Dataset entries
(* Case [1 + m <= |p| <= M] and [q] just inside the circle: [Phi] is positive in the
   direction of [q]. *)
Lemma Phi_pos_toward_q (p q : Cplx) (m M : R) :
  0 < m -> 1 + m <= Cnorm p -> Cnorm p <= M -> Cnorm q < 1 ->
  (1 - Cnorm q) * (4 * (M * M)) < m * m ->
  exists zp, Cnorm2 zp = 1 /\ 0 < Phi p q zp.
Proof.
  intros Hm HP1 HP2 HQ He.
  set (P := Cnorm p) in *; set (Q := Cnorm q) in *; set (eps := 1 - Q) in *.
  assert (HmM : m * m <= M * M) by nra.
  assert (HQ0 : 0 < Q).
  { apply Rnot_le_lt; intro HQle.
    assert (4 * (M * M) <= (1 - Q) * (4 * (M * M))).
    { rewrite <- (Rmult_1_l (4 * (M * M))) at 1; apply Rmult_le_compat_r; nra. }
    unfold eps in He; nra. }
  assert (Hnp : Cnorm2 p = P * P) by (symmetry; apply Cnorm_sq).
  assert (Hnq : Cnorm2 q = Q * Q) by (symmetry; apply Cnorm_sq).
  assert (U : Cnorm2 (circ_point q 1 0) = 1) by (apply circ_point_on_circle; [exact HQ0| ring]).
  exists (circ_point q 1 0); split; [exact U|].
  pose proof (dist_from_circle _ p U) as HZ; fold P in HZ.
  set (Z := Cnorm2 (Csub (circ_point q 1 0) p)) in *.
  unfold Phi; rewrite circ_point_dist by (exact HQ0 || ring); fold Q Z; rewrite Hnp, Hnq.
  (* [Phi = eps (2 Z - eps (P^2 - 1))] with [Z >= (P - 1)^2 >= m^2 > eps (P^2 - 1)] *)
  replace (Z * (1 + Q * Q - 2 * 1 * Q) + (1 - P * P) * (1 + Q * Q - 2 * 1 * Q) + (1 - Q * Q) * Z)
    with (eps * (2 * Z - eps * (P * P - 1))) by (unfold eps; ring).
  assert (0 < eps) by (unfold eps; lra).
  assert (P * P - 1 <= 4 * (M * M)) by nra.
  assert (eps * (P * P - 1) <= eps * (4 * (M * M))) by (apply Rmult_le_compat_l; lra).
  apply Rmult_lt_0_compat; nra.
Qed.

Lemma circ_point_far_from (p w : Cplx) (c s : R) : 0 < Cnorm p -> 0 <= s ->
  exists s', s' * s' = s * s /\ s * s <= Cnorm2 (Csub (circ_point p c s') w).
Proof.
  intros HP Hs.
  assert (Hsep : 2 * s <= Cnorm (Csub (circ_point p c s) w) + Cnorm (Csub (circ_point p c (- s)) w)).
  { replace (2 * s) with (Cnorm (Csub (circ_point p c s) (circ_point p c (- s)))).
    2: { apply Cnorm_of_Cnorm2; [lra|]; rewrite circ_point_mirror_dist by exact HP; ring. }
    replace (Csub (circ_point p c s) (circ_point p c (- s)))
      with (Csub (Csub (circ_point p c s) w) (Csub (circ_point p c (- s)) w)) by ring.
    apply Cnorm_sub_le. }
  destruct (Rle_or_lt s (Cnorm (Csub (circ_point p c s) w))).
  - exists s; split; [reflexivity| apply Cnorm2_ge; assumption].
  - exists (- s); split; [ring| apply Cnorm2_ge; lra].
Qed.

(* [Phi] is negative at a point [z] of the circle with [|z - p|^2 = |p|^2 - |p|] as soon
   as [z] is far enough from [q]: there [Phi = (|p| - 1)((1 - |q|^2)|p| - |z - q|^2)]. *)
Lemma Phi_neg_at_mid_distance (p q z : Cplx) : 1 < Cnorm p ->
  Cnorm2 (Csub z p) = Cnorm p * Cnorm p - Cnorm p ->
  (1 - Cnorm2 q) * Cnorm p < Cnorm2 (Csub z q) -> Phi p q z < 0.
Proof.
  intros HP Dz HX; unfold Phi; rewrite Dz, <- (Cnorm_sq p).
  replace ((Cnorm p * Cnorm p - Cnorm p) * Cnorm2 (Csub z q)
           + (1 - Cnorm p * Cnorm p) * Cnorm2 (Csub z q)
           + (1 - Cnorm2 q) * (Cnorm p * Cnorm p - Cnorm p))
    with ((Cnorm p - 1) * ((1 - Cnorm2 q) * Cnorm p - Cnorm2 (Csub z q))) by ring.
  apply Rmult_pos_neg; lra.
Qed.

### Work task
The first line of the entries, the line with "(1 - Cnorm q) * (4 * (M * M)) < m * m ->", and every line between them should be retyped exactly, and nothing else.

### Written reply
(* Case [1 + m <= |p| <= M] and [q] just inside the circle: [Phi] is positive in the
   direction of [q]. *)
Lemma Phi_pos_toward_q (p q : Cplx) (m M : R) :
  0 < m -> 1 + m <= Cnorm p -> Cnorm p <= M -> Cnorm q < 1 ->
  (1 - Cnorm q) * (4 * (M * M)) < m * m ->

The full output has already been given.